For the data below, give again exactly the lines from the one containing "Section Defs." through the one containing "mu (box l u)", both ends included, and no others.
EXCERPTED RECORDS below:
(* Assume the Standing Setting. Let $\phi\colon\mathbb{R}^{\mathfrak d}\times[a,b]^d\to\mathbb{R}$ be locally bounded and measurable and assume that for all $r\in(0,\infty)$ $$\sup_{\theta,\vartheta\in\mathbb{R}^{\mathfrak d},\ \|\theta\|+\|\vartheta\|\le r,\ \theta\ne\vartheta}\ \sup_{x\in[a,b]^d}\frac{|\phi(\theta,x)-\phi(\vartheta,x)|}{\|\theta-\vartheta\|}<\infty.$$ Then (i) the map $\mathbb{R}^{\mathfrak d}\ni\theta\mapsto\int_{[a,b]^d}\phi(\theta,x)p(x)\,\lambda(\mathrm{d}x)\in\mathbb{R}$ is locally Lipschitz continuous, and (ii) for every $i\in\{1,\dots,H\}$ the map $\{\vartheta\in\mathbb{R}^{\mathfrak d}\colon i\notin\mathbf{D}^\vartheta\}\ni\theta\mapsto\int_{I_i^\theta}\phi(\theta,x)p(x)\,\lambda(\mathrm{d}x)\in\mathbb{R}$ is locally Lipschitz continuous.
   Context: Standing Setting: Let $d,H,\mathfrak d\in\mathbb{N}$ with $\mathfrak d=dH+2H+1$, let $a\in\mathbb{R}$, $b\in(a,\infty)$, $f\in C([a,b]^d,\mathbb{R})$, and let $p\colon[a,b]^d\to[0,\infty)$ be bounded and measurable. Let $\lambda$ be Lebesgue measure on $\mathbb{R}^d$ and $\|\cdot\|$ the Euclidean norm. For $\theta=(\theta_1,\dots,\theta_{\mathfrak d})\in\mathbb{R}^{\mathfrak d}$, $i\in\{1,\dots,H\}$, $j\in\{1,\dots,d\}$ write $w^\theta_{i,j}=\theta_{(i-1)d+j}$, $b^\theta_i=\theta_{Hd+i}$, $v^\theta_i=\theta_{H(d+1)+i}$, $c^\theta=\theta_{\mathfrak d}$. Define $\mathcal N^\theta(x)=c^\theta+\sum_{i=1}^H v^\theta_i\max\{b^\theta_i+\sum_{j=1}^d w^\theta_{i,j}x_j,0\}$ for $x\in\mathbb{R}^d$ and the risk $\mathcal L(\theta)=\int_{[a,b]^d}(f(y)-\mathcal N^\theta(y))^2p(y)\,\lambda(\mathrm{d}y)$. Let $\mathfrak R_r\in C^1(\mathbb{R},\mathbb{R})$, $r\in\mathbb{N}$, satisfy for all $x\in\mathbb{R}$ that $\lim_{r\to\infty}\big(|\mathfrak R_r(x)-\max\{x,0\}|+|(\mathfrak R_r)'(x)-\mathbb 1_{(0,\infty)}(x)|\big)=0$ and $\sup_{r\in\mathbb{N}}\sup_{y\in[-|x|,|x|]}|(\mathfrak R_r)'(y)|<\infty$, and let $\mathfrak L_r(\theta)=\int_{[a,b]^d}\big(f(y)-c^\theta-\sum_{i=1}^H v^\theta_i\,\mathfrak R_r(b^\theta_i+\sum_{j=1}^d w^\theta_{i,j}y_j)\big)^2p(y)\,\lambda(\mathrm{d}y)$. Let $\mathcal G=(\mathcal G_1,\dots,\mathcal G_{\mathfrak d})\colon\mathbb{R}^{\mathfrak d}\to\mathbb{R}^{\mathfrak d}$ satisfy $\mathcal G(\theta)=\lim_{r\to\infty}(\nabla\mathfrak L_r)(\theta)$ for every $\theta$ at which this limit exists. For $\theta\in\mathbb{R}^{\mathfrak d}$, $i\in\{1,\dots,H\}$ let $I_i^\theta=\{x\in[a,b]^d\colon b^\theta_i+\sum_{j=1}^d w^\theta_{i,j}x_j>0\}$ and let $\mathbf D^\theta=\{i\in\{1,\dots,H\}\colon |b^\theta_i|+\sum_{j=1}^d|w^\theta_{i,j}|=0\}$ (the set of degenerate hidden neurons). For $\varepsilon>0$, $B_\varepsilon(\theta)=\{\vartheta\in\mathbb{R}^{\mathfrak d}\colon\|\theta-\vartheta\|<\varepsilon\}$. *)

From HB Require Import structures.
From mathcomp Require Import all_boot all_order all_algebra.
From mathcomp Require Import all_classical all_reals all_analysis.
Set Implicit Arguments. Unset Strict Implicit. Unset Printing Implicit Defensive.
Import Order.TTheory GRing.Theory Num.Theory.
Local Open Scope classical_set_scope.
Local Open Scope ring_scope.

Section Defs.
Variable R : realType.

Definition npar (d H : nat) : nat := (d * H + 2 * H + 1)%N.

Definition eucl_dist (n : nat) (t s : n.-tuple R) : R :=
  Num.sqrt (\sum_(k < n) (tnth t k - tnth s k) ^+ 2).

Definition eucl_norm (n : nat) (t : n.-tuple R) : R :=
  Num.sqrt (\sum_(k < n) (tnth t k) ^+ 2).

Definition cube (d : nat) (a b : R) : set (d.-tuple R) :=
  [set x | forall j : 'I_d, a <= tnth x j <= b].

Definition box (d : nat) (l u : d.-tuple R) : set (d.-tuple R) :=
  [set x | forall j : 'I_d, tnth l j <= tnth x j <= tnth u j].

(* mu is the Lebesgue measure on (the Borel sets of) R^d: it gives every
   closed box its volume (this determines mu uniquely) *)
Definition is_lebesgue (d : nat)
    (mu : {measure set (d.-tuple R) -> \bar R}) : Prop :=
  forall l u : d.-tuple R, (forall j : 'I_d, tnth l j <= tnth u j) ->
    mu (box l u) = (\prod_(j < d) (tnth u j - tnth l j))%:E.

(* coordinates of theta (0-based); indices below are always in range *)
Definition coord (n : nat) (th : n.-tuple R) (k : nat) : R := nth 0 th k.

(* 0-based versions: hidden neuron i : 'I_H, input coordinate j : 'I_d
   w^theta_{i+1,j+1} = theta_{i d + j + 1}  (1-based) = coord th (i*d + j) *)
Definition wgt (d H : nat) (th : (npar d H).-tuple R) (i : 'I_H) (j : 'I_d) : R :=
  coord th (i * d + j)%N.
Definition bias (d H : nat) (th : (npar d H).-tuple R) (i : 'I_H) : R :=
  coord th (H * d + i)%N.
Definition outw (d H : nat) (th : (npar d H).-tuple R) (i : 'I_H) : R :=
  coord th (H * (d + 1) + i)%N.
Definition outb (d H : nat) (th : (npar d H).-tuple R) : R :=
  coord th (npar d H).-1.

Definition Iset (d H : nat) (a b : R) (th : (npar d H).-tuple R) (i : 'I_H)
  : set (d.-tuple R) :=
  [set x | cube a b x /\ 0 < bias th i + \sum_(j < d) wgt th i j * tnth x j].

Definition degenerate (d H : nat) (th : (npar d H).-tuple R) (i : 'I_H) : Prop :=
  `|bias th i| + \sum_(j < d) `|wgt th i j| = 0.

Definition locally_lipschitz_on (n : nat) (U : set (n.-tuple R))
    (F : n.-tuple R -> R) : Prop :=
  forall th, U th -> exists eps : R, 0 < eps /\ exists L : R,
    forall th1 th2, U th1 -> U th2 -> eucl_dist th1 th < eps -> eucl_dist th2 th < eps ->
      `|F th1 - F th2| <= L * eucl_dist th1 th2.

End Defs.

From Pilot Require Import Defs.
From mathcomp Require Import all_boot all_order all_algebra.
From mathcomp Require Import all_classical all_reals all_analysis.
From mathcomp Require Import finmap measurable_realfun.
From mathcomp.algebra_tactics Require Import ring lra.
Import Order.TTheory GRing.Theory Num.Theory.
Import numFieldNormedType.Exports.
Local Open Scope classical_set_scope.
Local Open Scope ring_scope.
Set Implicit Arguments. Unset Strict Implicit. Unset Printing Implicit Defensive.

(** The integrand [f_th x = phi (th, x) * p x] is, near every [th0], bounded and
Lipschitz in [th] uniformly in [x] in the cube (compactness of the cube upgrades the
local boundedness of [phi] to a bound uniform in [x]), and the cube has finite
measure; this gives (i). In (ii) the domain moves as well:
  int_{I th1} f_th1 - int_{I th2} f_th2
    = int_{I th1} (f_th1 - f_th2) + int_{I th1 \ I th2} f_th2 - int_{I th2 \ I th1} f_th2,
so it suffices that [mu (I th1 \ I th2) <= C |th1 - th2|] near a non-degenerate [th].
On [I th1 \ I th2] the preactivation of [th1] is positive and that of [th2] is not,
hence it is at most [B |th1 - th2|] there. If some inner weight [w_ij] is nonzero,
such a slab has volume [O(|th1 - th2| / |w_ij|)] (cover it by a grid of boxes that
are thin in direction [j]); otherwise the bias is nonzero and [I th] does not move
near [th]. *)

Lemma sqrt_sum_sqr_le_l1 (R : realType) (n : nat) (f : 'I_n -> R) :
  Num.sqrt (\sum_(k < n) f k ^+ 2) <= \sum_(k < n) `|f k|.
Proof.
have l1_ge0 : 0 <= \sum_(k < n) `|f k| by apply: sumr_ge0.
rewrite -(ger0_norm l1_ge0) -sqrtr_sqr; apply: ler_wsqrtr.
rewrite expr2 mulr_suml; apply: ler_sum => k _.
rewrite -real_normK ?num_real // expr2 ler_wpM2l //.
by rewrite (bigD1 k) //= lerDl sumr_ge0.
Qed.

Section EuclideanDistance.
Variables (R : realType) (n : nat).
Implicit Types t s : n.-tuple R.

Lemma eucl_dist_ge0 t s : 0 <= eucl_dist t s.
Proof. exact: sqrtr_ge0. Qed.

Lemma eucl_distxx t : eucl_dist t t = 0.
Proof. by rewrite /eucl_dist big1 ?sqrtr0 // => k _; rewrite subrr expr0n. Qed.

Lemma eucl_distC t s : eucl_dist t s = eucl_dist s t.
Proof.
by rewrite /eucl_dist; congr Num.sqrt; apply: eq_bigr => k _; rewrite -sqrrN opprB.
Qed.

Lemma ler_tnth_dist t s k : `|tnth t k - tnth s k| <= eucl_dist t s.
Proof.
rewrite /eucl_dist -sqrtr_sqr; apply: ler_wsqrtr.
by rewrite (bigD1 k) //= lerDl; apply: sumr_ge0 => i _; exact: sqr_ge0.
Qed.

Lemma ler_coord_dist t s k : `|Defs.coord t k - Defs.coord s k| <= eucl_dist t s.
Proof.
rewrite /Defs.coord; case: (ltnP k n) => hk.
  by have := ler_tnth_dist t s (Ordinal hk); rewrite !(tnth_nth 0).
by rewrite !nth_default ?size_tuple // subrr normr0 eucl_dist_ge0.
Qed.

Lemma eucl_dist_eq0 t s : eucl_dist t s = 0 -> t = s.
Proof.
move=> ts0; apply: eq_from_tnth => k; apply/eqP; rewrite -subr_eq0 -normr_eq0.
by rewrite eq_le normr_ge0 andbT -ts0 ler_tnth_dist.
Qed.

Lemma eucl_dist_le_l1 t s : eucl_dist t s <= \sum_(k < n) `|tnth t k - tnth s k|.
Proof. exact: sqrt_sum_sqr_le_l1. Qed.

Lemma eucl_norm_le_dist t s :
  eucl_norm t <= \sum_(k < n) `|tnth s k| + n%:R * eucl_dist t s.
Proof.
apply: (le_trans (sqrt_sum_sqr_le_l1 _)).
rewrite mulr_natl -[n in _ *+ n]card_ord -sumr_const -big_split /=.
apply: ler_sum => k _.
have : `|tnth t k| <= `|tnth s k| + `|tnth t k - tnth s k|.
  by rewrite -[X in `|X| <= _](subrK (tnth s k)) addrC ler_normD.
by move/le_trans; apply; rewrite lerD2l ler_tnth_dist.
Qed.

End EuclideanDistance.

Section CubeCompactness.
Variables (R : realType) (d : nat) (a b : R).
Hypothesis d_gt0 : (0 < d)%N.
End of EXCERPTED RECORDS.
## [SOLVED PROBLEM]
Section Defs.
Variable R : realType.

Definition npar (d H : nat) : nat := (d * H + 2 * H + 1)%N.

Definition eucl_dist (n : nat) (t s : n.-tuple R) : R :=
  Num.sqrt (\sum_(k < n) (tnth t k - tnth s k) ^+ 2).

Definition eucl_norm (n : nat) (t : n.-tuple R) : R :=
  Num.sqrt (\sum_(k < n) (tnth t k) ^+ 2).

Definition cube (d : nat) (a b : R) : set (d.-tuple R) :=
  [set x | forall j : 'I_d, a <= tnth x j <= b].

Definition box (d : nat) (l u : d.-tuple R) : set (d.-tuple R) :=
  [set x | forall j : 'I_d, tnth l j <= tnth x j <= tnth u j].

(* mu is the Lebesgue measure on (the Borel sets of) R^d: it gives every
   closed box its volume (this determines mu uniquely) *)
Definition is_lebesgue (d : nat)
    (mu : {measure set (d.-tuple R) -> \bar R}) : Prop :=
  forall l u : d.-tuple R, (forall j : 'I_d, tnth l j <= tnth u j) ->
    mu (box l u) = (\prod_(j < d) (tnth u j - tnth l j))%:E.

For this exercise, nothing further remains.